Needless to say, I didn't win any games. So I decided to write this little C# program to find all possible solutions to sooth my ego a bit. :)

This recursive program can handle any number of cards (not just 4) and solve for any value (not just 24).
It can find all possible solutions or just the 1st one. This is brute force algorithm to checks for all combination, I imagine there must be a more elegant solution.

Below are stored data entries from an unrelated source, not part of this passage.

(* Let $A$ be a cubical set. The formula $\forall (i:\mathbb{I})\,\forall(j:\mathbb{I})\,\forall(f:\mathbb{I}\to A).\ f(i)=f(j)$ holds in the internal logic of $\widehat{\mathcal{C}}$ if and only if $A\cong\Delta(a)$ for some set $a$.
   Context: $\mathcal{C}$ is the category of cubes: objects finite sets of names, morphisms $I\to J$ functions $J\to\mathrm{dM}(I)$ with $\mathrm{dM}(I)$ the free De Morgan algebra on $I$, composition by substitution. $\widehat{\mathcal{C}}$ is the presheaf topos of cubical sets; $\mathbb{I}$ is the presheaf $I\mapsto\mathrm{dM}(I)$. $\Delta:\mathrm{Set}\to\widehat{\mathcal{C}}$ is the constant presheaf functor. *)

From mathcomp Require Import all_boot.
Set Implicit Arguments. Unset Strict Implicit. Unset Printing Implicit Defensive.

(* The free De Morgan algebra dM(n) on the n names 'I_n.                    *)
(* Concrete model: the free bounded distributive lattice on the 2n          *)
(* generators {x_i, x_i'} is the lattice of monotone boolean functions on   *)
(* bool^n * bool^n (pointwise order); the De Morgan negation is             *)
(*   (~ t)(x, y) = ~~ t(~~y, ~~x)   (swaps x_i and x_i' = 1 - i).           *)

Definition pt (n : nat) := ({ffun 'I_n -> bool} * {ffun 'I_n -> bool})%type.

Definition leb_pt n (p q : pt n) : bool :=
  [forall i, (p.1 i <= q.1 i) && (p.2 i <= q.2 i)].

Definition monob n (f : {ffun pt n -> bool}) : bool :=
  [forall p, forall q, leb_pt p q ==> (f p <= f q)].

Lemma monoP n (f : {ffun pt n -> bool}) :
  reflect (forall p q, leb_pt p q -> f p <= f q) (monob f).
Proof.
apply: (iffP idP).
- by move=> /forallP H p q Hpq; move: (H p) => /forallP /(_ q) /implyP; apply.
- by move=> H; apply/forallP => p; apply/forallP => q; apply/implyP; apply: H.
Qed.

Definition dM (n : nat) := {f : {ffun pt n -> bool} | monob f}.

Lemma gen_mono n (i : 'I_n) : monob [ffun p : pt n => p.1 i].
Proof.
apply/monoP => p q /forallP /(_ i) /andP [H _]; by rewrite !ffunE.
Qed.
Definition gen n (i : 'I_n) : dM n := exist (@monob n) _ (gen_mono i).

Definition negpt n (p : pt n) : pt n :=
  ([ffun i => ~~ p.2 i], [ffun i => ~~ p.1 i]).
Lemma neg_mono n (t : dM n) : monob [ffun p => ~~ val t (negpt p)].
Proof.
apply/monoP => p q Hpq; rewrite !ffunE leq_eqVlt.
have : val t (negpt q) <= val t (negpt p).
  move/monoP: (valP t) => Ht; apply: Ht; apply/forallP => i; rewrite !ffunE /=.
  move: Hpq => /forallP /(_ i) /andP [] /=.
  by case: (p.1 i); case: (q.1 i); case: (p.2 i); case: (q.2 i).
by do 2!case: (val t _).
Qed.
Definition dneg n (t : dM n) : dM n := exist (@monob n) _ (neg_mono t).

Lemma dM_le n (t : dM n) p q : leb_pt p q -> val t p <= val t q.
Proof. by move/monoP: (valP t); apply. Qed.

Lemma subst_mono m n (t : dM m) (s : 'I_m -> dM n) :
  monob [ffun p => val t ([ffun j => val (s j) p], [ffun j => val (dneg (s j)) p])].
Proof.
apply/monoP => p q Hpq; rewrite !ffunE; move/monoP: (valP t) => Ht; apply: Ht.
apply/forallP => j; rewrite !ffunE /=; apply/andP; split.
- by move/monoP: (valP (s j)); apply.
- by have := dM_le (dneg (s j)) Hpq; rewrite /= !ffunE.
Qed.
Definition subst m n (t : dM m) (s : 'I_m -> dM n) : dM n :=
  exist (@monob n) _ (subst_mono t s).

(* The category of cubes C (skeleton: the object n is the set of names     *)
(* 'I_n).  A morphism n -> m is a function 'I_m -> dM n; composition is    *)
(* substitution.                                                            *)

Definition hom (n m : nat) := 'I_m -> dM n.
Definition idh (n : nat) : hom n n := fun i => gen i.
Definition comp n m k (g : hom m k) (f : hom n m) : hom n k :=
  fun x => subst (g x) f.

Record cset := CSet {
  cobj :> nat -> Type;
  cact : forall n m, hom n m -> cobj m -> cobj n;
  cact_id : forall n (x : cobj n), cact (@idh n) x = x;
  cact_comp : forall n m k (f : hom n m) (g : hom m k) (x : cobj k),
      cact (comp g f) x = cact f (cact g x)
}.

Record nat_trans (A B : cset) := NatTrans {
  nt :> forall n, A n -> B n;
  nt_nat : forall n m (f : hom n m) (x : A m),
      nt (cact f x) = cact f (nt x)
}.

Definition cset_iso (A B : cset) : Prop :=
  exists (phi : nat_trans A B) (psi : nat_trans B A),
    (forall n (x : A n), psi n (phi n x) = x) /\
    (forall n (y : B n), phi n (psi n y) = y).

Definition Delta (a : Type) : cset :=
  @CSet (fun _ => a) (fun _ _ _ x => x) (fun _ _ => erefl) (fun _ _ _ _ _ _ => erefl).

(* The interval I : n |-> dM n, acting by substitution. *)
Definition Iact n m (f : hom n m) (t : dM m) : dM n := subst t f.

(* The exponential A^I at stage I: natural transformations y(I) x I -> A,
   i.e. families f_J : hom J I * dM J -> A J natural in J. *)
Record exp_el (A : cset) (I : nat) := ExpEl {
  ef :> forall J, hom J I -> dM J -> A J;
  ef_nat : forall J J' (g : hom J' J) (h : hom J I) (t : dM J),
      ef (comp h g) (Iact g t) = cact g (ef h t)
}.

Definition ev (A : cset) I (f : exp_el A I) (i : dM I) : A I := f I (@idh I) i.

(* Interpretation of  forall (i:I) (j:I) (f:I -> A). f(i) = f(j)  in the
   internal logic: the equalizer of the two maps ev o (f,i), ev o (f,j) :
   I x I x A^I -> A is the whole object, i.e. the two maps agree at every
   stage and on every generalized element. *)
Definition forall_paths_const (A : cset) : Prop :=
  forall (I : nat) (i j : dM I) (f : exp_el A I), ev f i = ev f j.

From Pilot Require Import Defs.
From mathcomp Require Import all_boot.
From Stdlib Require Import FunctionalExtensionality.
Set Implicit Arguments. Unset Strict Implicit. Unset Printing Implicit Defensive.

(* Both conditions amount to A being discrete: any two parallel cube maps
   f, f' : J -> I induce the same restriction A(I) -> A(J).  A discrete A is
   isomorphic to the constant presheaf on its vertices A(0).  If A satisfies
   the formula, f and f' are joined by the path t |-> (f /\ ~t) \/ (f' /\ t)
   of cube maps; evaluating the induced path in A at t = 0 and t = 1 gives
   the two restrictions of an element.  Conversely, given a path in a
   discrete A and points i, j of the interval at stage I, the same
   interpolation with a fresh name z gives a point at stage I+1 that
   restricts to i and j along the faces z = 0 and z = 1, and these two faces
   act alike on A. *)

Lemma dM_ext n (u v : dM n) : val u =1 val v -> u = v.
Proof. by move=> uv; apply: val_inj; apply/ffunP. Qed.

Definition subst_pt m n (s : 'I_m -> dM n) (p : pt n) : pt m :=
  ([ffun j => val (s j) p], [ffun j => ~~ val (s j) (negpt p)]).

Lemma val_subst m n (t : dM m) (s : 'I_m -> dM n) p :
  val (subst t s) p = val t (subst_pt s p).
Proof. by rewrite ffunE; congr (val t (_, _)); apply/ffunP => j; rewrite !ffunE. Qed.

Lemma negptK n : involutive (@negpt n).
Proof. by case=> a b; congr (_, _); apply/ffunP => i; rewrite !ffunE negbK. Qed.

Lemma subst_pt_negpt m n (s : 'I_m -> dM n) p :
  subst_pt s (negpt p) = negpt (subst_pt s p).
Proof. by congr (_, _); apply/ffunP => j; rewrite !ffunE ?negptK ?negbK. Qed.

Lemma subst_pt_comp m n k (s : 'I_m -> dM n) (g : 'I_n -> dM k) p :
  subst_pt (fun j => subst (s j) g) p = subst_pt s (subst_pt g p).
Proof. by congr (_, _); apply/ffunP => j; rewrite [LHS]ffunE [RHS]ffunE val_subst ?subst_pt_negpt. Qed.

Lemma subst_pt_idh n (p : pt n) : subst_pt (@idh n) p = p.
Proof. by case: p => a b; congr (_, _); apply/ffunP => i; rewrite !ffunE ?negbK. Qed.

Lemma subst_assoc m n k (t : dM m) (s : 'I_m -> dM n) (g : 'I_n -> dM k) :
  subst (subst t s) g = subst t (fun j => subst (s j) g).
Proof. by apply: dM_ext => p; rewrite !val_subst subst_pt_comp. Qed.

Lemma subst_gen m n (i : 'I_m) (s : 'I_m -> dM n) : subst (gen i) s = s i.
Proof. by apply: dM_ext => p; rewrite val_subst /= !ffunE. Qed.

Lemma subst_idh n (t : dM n) : subst t (@idh n) = t.
Proof. by apply: dM_ext => p; rewrite val_subst subst_pt_idh. Qed.

Lemma comp_assoc n m k l (h : hom k l) (g : hom m k) (f : hom n m) :
  Defs.comp h (Defs.comp g f) = Defs.comp (Defs.comp h g) f.
Proof. by apply: functional_extensionality => x; rewrite /Defs.comp subst_assoc. Qed.

Lemma comp_idh n m (f : hom n m) : Defs.comp f (@idh n) = f.
Proof. by apply: functional_extensionality => x; rewrite /Defs.comp subst_idh. Qed.

Lemma const_mono n (b : bool) : monob [ffun _ : pt n => b].
Proof. by apply/monoP => p q _; rewrite !ffunE. Qed.
Definition dMconst n b : dM n := exist (@monob n) _ (const_mono n b).

(* The De Morgan term (x0 /\ ~x2) \/ (x1 /\ x2), as an element of the free
   algebra on three names: its instances [mux a b c] then commute with
   substitution by [subst_assoc]. *)
Definition mux_lo : 'I_3 := @Ordinal 3 0 isT.
Definition mux_hi : 'I_3 := @Ordinal 3 1 isT.
Definition mux_sel : 'I_3 := @Ordinal 3 2 isT.

Lemma mux3_mono :
  monob [ffun p : pt 3 => p.1 mux_lo && p.2 mux_sel || p.1 mux_hi && p.1 mux_sel].
Proof.
apply/monoP => p q /forallP le_pq; rewrite !ffunE.
move: (le_pq mux_lo) (le_pq mux_hi) (le_pq mux_sel).
by case: (p.1 mux_lo); case: (q.1 mux_lo); case: (p.1 mux_hi); case: (q.1 mux_hi);
   case: (p.1 mux_sel); case: (q.1 mux_sel); case: (p.2 mux_sel); case: (q.2 mux_sel).
Qed.
Definition mux3 : dM 3 := exist (@monob 3) _ mux3_mono.

Definition triple n (a b c : dM n) (k : 'I_3) : dM n :=
  match nat_of_ord k with 0 => a | 1 => b | _ => c end.

Definition mux n (a b c : dM n) : dM n := subst mux3 (triple a b c).

Lemma mux0 n (a b : dM n) : mux a b (dMconst n false) = a.
Proof. by apply: dM_ext => p; rewrite val_subst !ffunE /= andbT andbF orbF. Qed.

Lemma mux1 n (a b : dM n) : mux a b (dMconst n true) = b.
Proof. by apply: dM_ext => p; rewrite val_subst !ffunE /= andbF andbT. Qed.

Lemma subst_mux n k (a b c : dM n) (g : 'I_n -> dM k) :
  subst (mux a b c) g = mux (subst a g) (subst b g) (subst c g).
Proof.
rewrite /mux subst_assoc; congr (subst mux3 _).
by apply: functional_extensionality => -[[|[|[|k']]] ?].
Qed.

Definition hom_mux J n (f f' : hom J n) (t : dM J) : hom J n :=
  fun k => mux (f k) (f' k) t.

Lemma comp_hom_mux J J' n (f f' : hom J n) (t : dM J) (g : hom J' J) :
  Defs.comp (hom_mux f f' t) g = hom_mux (Defs.comp f g) (Defs.comp f' g) (Iact g t).
Proof. by apply: functional_extensionality => k; rewrite /Defs.comp subst_mux. Qed.

Lemma hom_mux0 J n (f f' : hom J n) : hom_mux f f' (dMconst J false) = f.
Proof. by apply: functional_extensionality => k; rewrite /hom_mux mux0. Qed.

Lemma hom_mux1 J n (f f' : hom J n) : hom_mux f f' (dMconst J true) = f'.
Proof. by apply: functional_extensionality => k; rewrite /hom_mux mux1. Qed.

Definition degen I : hom I.+1 I := fun x => gen (lift ord_max x).
Arguments degen {I}.

Definition face I b : hom I I.+1 :=
  fun y => if unlift ord_max y is Some x then gen x else dMconst I b.
Arguments face {I}.

Lemma degen_face I b : Defs.comp degen (face b) = @idh I.
Proof.
by apply: functional_extensionality => x; rewrite /Defs.comp subst_gen /face liftK.
Qed.

Lemma Iact_face_degen I b (t : dM I) : Iact (face b) (Iact degen t) = t.
Proof.
by rewrite /Iact subst_assoc -[fun j => _]/(Defs.comp _ _) degen_face subst_idh.
Qed.

Lemma Iact_face_mux I b (i j : dM I) :
  Iact (face b) (mux (Iact degen i) (Iact degen j) (gen ord_max))
  = mux i j (dMconst I b).
Proof.
rewrite [LHS]subst_mux -!/(Iact _ _) !Iact_face_degen.
by rewrite /Iact subst_gen /face unlift_none.
Qed.

Section Discrete.

Variable A : cset.

Definition discrete : Prop :=
  forall n m (f f' : hom n m) (x : A m), cact f x = cact f' x.

Lemma path_nat m n (f f' : hom m n) (x : A n) J J' (g : hom J' J)
    (h : hom J m) (t : dM J) :
  cact (hom_mux (Defs.comp f (Defs.comp h g)) (Defs.comp f' (Defs.comp h g))
          (Iact g t)) x
  = cact g (cact (hom_mux (Defs.comp f h) (Defs.comp f' h) t) x).
Proof. by rewrite -cact_comp comp_hom_mux !comp_assoc. Qed.

Definition path_between m n (f f' : hom m n) (x : A n) : exp_el A m :=
  @ExpEl A m (fun J h t => cact (hom_mux (Defs.comp f h) (Defs.comp f' h) t) x)
    (path_nat f f' x).

Lemma ev_face I b (f : exp_el A I) (t : dM I.+1) :
  ev f (Iact (face b) t) = cact (face b) (f I.+1 degen t).
Proof. by rewrite /ev -(degen_face I b) ef_nat. Qed.

Lemma forall_paths_constP : forall_paths_const A <-> discrete.
Proof.
split=> [cA n m f f' x | dA I i j f].
  have := cA n (dMconst n false) (dMconst n true) (path_between f f' x).
  by rewrite /ev /= !comp_idh hom_mux0 hom_mux1.
set t := mux (Iact degen i) (Iact degen j) (gen ord_max).
have -> : i = Iact (face false) t by rewrite Iact_face_mux mux0.
have -> : j = Iact (face true) t by rewrite Iact_face_mux mux1.
by rewrite !ev_face; apply: dA.
Qed.

Lemma iso_Delta_discrete a : cset_iso A (Delta a) -> discrete.
Proof.
move=> [phi [psi [psiK _]]] n m f f' x.
by rewrite -(psiK _ (cact f x)) -(psiK _ (cact f' x)) !(nt_nat phi).
Qed.

Definition vertex0 n : hom 0 n := fun _ => dMconst 0 false.
Definition to_point n : hom n 0 := fun _ => dMconst n false.
Arguments vertex0 {n}.
Arguments to_point {n}.

Lemma discrete_iso_Delta : discrete -> cset_iso A (Delta (A 0)).
Proof.
move=> dA.
have vertex0_nat n m (f : hom n m) (x : A m) :
    cact vertex0 (cact f x) = cact vertex0 x.
  by rewrite -cact_comp; apply: dA.
have to_point_nat n m (f : hom n m) (y : A 0) :
    cact to_point y = cact f (cact to_point y).
  by rewrite -cact_comp; apply: dA.
exists (@NatTrans A (Delta (A 0)) _ vertex0_nat).
exists (@NatTrans (Delta (A 0)) A _ to_point_nat).
by split=> n x /=; rewrite -cact_comp (dA _ _ _ (@idh _)) cact_id.
Qed.

End Discrete.

Theorem mainTheorem5 (A : cset) :
  forall_paths_const A <-> exists a : Type, cset_iso A (Delta a).
Proof.
split=> [/forall_paths_constP dA | [a /iso_Delta_discrete dA]].
  by exists (A 0); apply: discrete_iso_Delta.
exact/forall_paths_constP.
Qed.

If you need a refresher on recursion, here is a link with good description. I referenced this model when I wrote this code.

Here is the code.
----------------------------

using System;
using System.Collections.Generic;
using System.Linq;
using System.Text;

namespace ConsoleApplication1
{
class PlayCards
{
enum Operator
{
Plus,
Minus,
Multiple,
Divide
};

static void Main(string[] args)
{
int[] cards = new int[] {1, 2, 3, 4};
//Operator[] permOperators = new Operator[] { Operator.Plus, Operator.Minus, Operator.Multiple};
PlayCards game = new PlayCards();

string line;
System.Console.WriteLine("Enter a cards shown separated by space. Example: 1 2 3 4");
string[] words = line.Split(' ');

cards = new int[words.Count()];
int i = 0;
foreach (string word in words)
{
int card = 0;
if (word.Length > 0 && int.TryParse(word, out card) == true)
{
cards[i] = card;
i++;
}
}
int[] newCards = new int[i];
Array.Copy(cards, newCards, i);

game.recursiveCards(new int[0], newCards, new Operator[0], 24, true);
System.Console.WriteLine("1st solutions");

int found = game.recursiveCards(new int[0], newCards, new Operator[0], 24, false);
System.Console.WriteLine("found " + found + " solutions");
}

private int recursiveCards(int[] permCards, int[] remainCards, Operator[] permOperators, int target, bool firstOnly)
{
int result = 0;

if (remainCards.Count() == 0)
{
// evaluate result
int evaluateRes = 0;
evaluateRes = permCards[0];

for (int i = 1; i < permCards.Count(); i++)
{
if (i <= permCards.Count() - 1)
{
switch(permOperators[i - 1])
{
case Operator.Plus:
evaluateRes = evaluateRes + permCards[i];
break;
case Operator.Minus:
evaluateRes = evaluateRes - permCards[i];
break;
case Operator.Multiple:
evaluateRes = evaluateRes * permCards[i];
break;
case Operator.Divide:
evaluateRes = evaluateRes % permCards[i];
break;
}
}
}

if (evaluateRes == target)
{
// print result
for (int i = 0; i < permCards.Count() - 1; i++)
{
System.Console.Write(permCards[i] + " ");
System.Console.Write(permOperators[i].ToString() + " " );
}
System.Console.WriteLine(permCards[permCards.Count() - 1] + " = " + evaluateRes);
result = 1;
}
}
else
{
// set the newPermCards
int[] newPermCards = new int[permCards.Count() + 1];
int[] newRemainCards = new int[remainCards.Count() - 1];
permCards.CopyTo(newPermCards, 0);

for (int i = 0; i < remainCards.Count(); i++)
{
// generate the remaining cards permutations
newPermCards[permCards.Count()] = remainCards[i];
int r = 0;
for (int j = 0; j < remainCards.Count(); j++)
{
if (j != i)
{
newRemainCards[r] = remainCards[j];
r++;
}
}

// generate the new operators permutations
Operator[] newPermOperators = new Operator[permOperators.Count() + 1];
permOperators.CopyTo(newPermOperators, 0);
foreach (Operator newOp in Enum.GetValues(typeof(Operator)))
{
newPermOperators[permOperators.Count()] = newOp;

// recusively compute results
result += recursiveCards(newPermCards, newRemainCards, newPermOperators, target, firstOnly);

// check if we need to terminate on 1st or keep on looking
if (firstOnly && result > 0)
{
return result;
}
}
}
}

return result;
}
}
}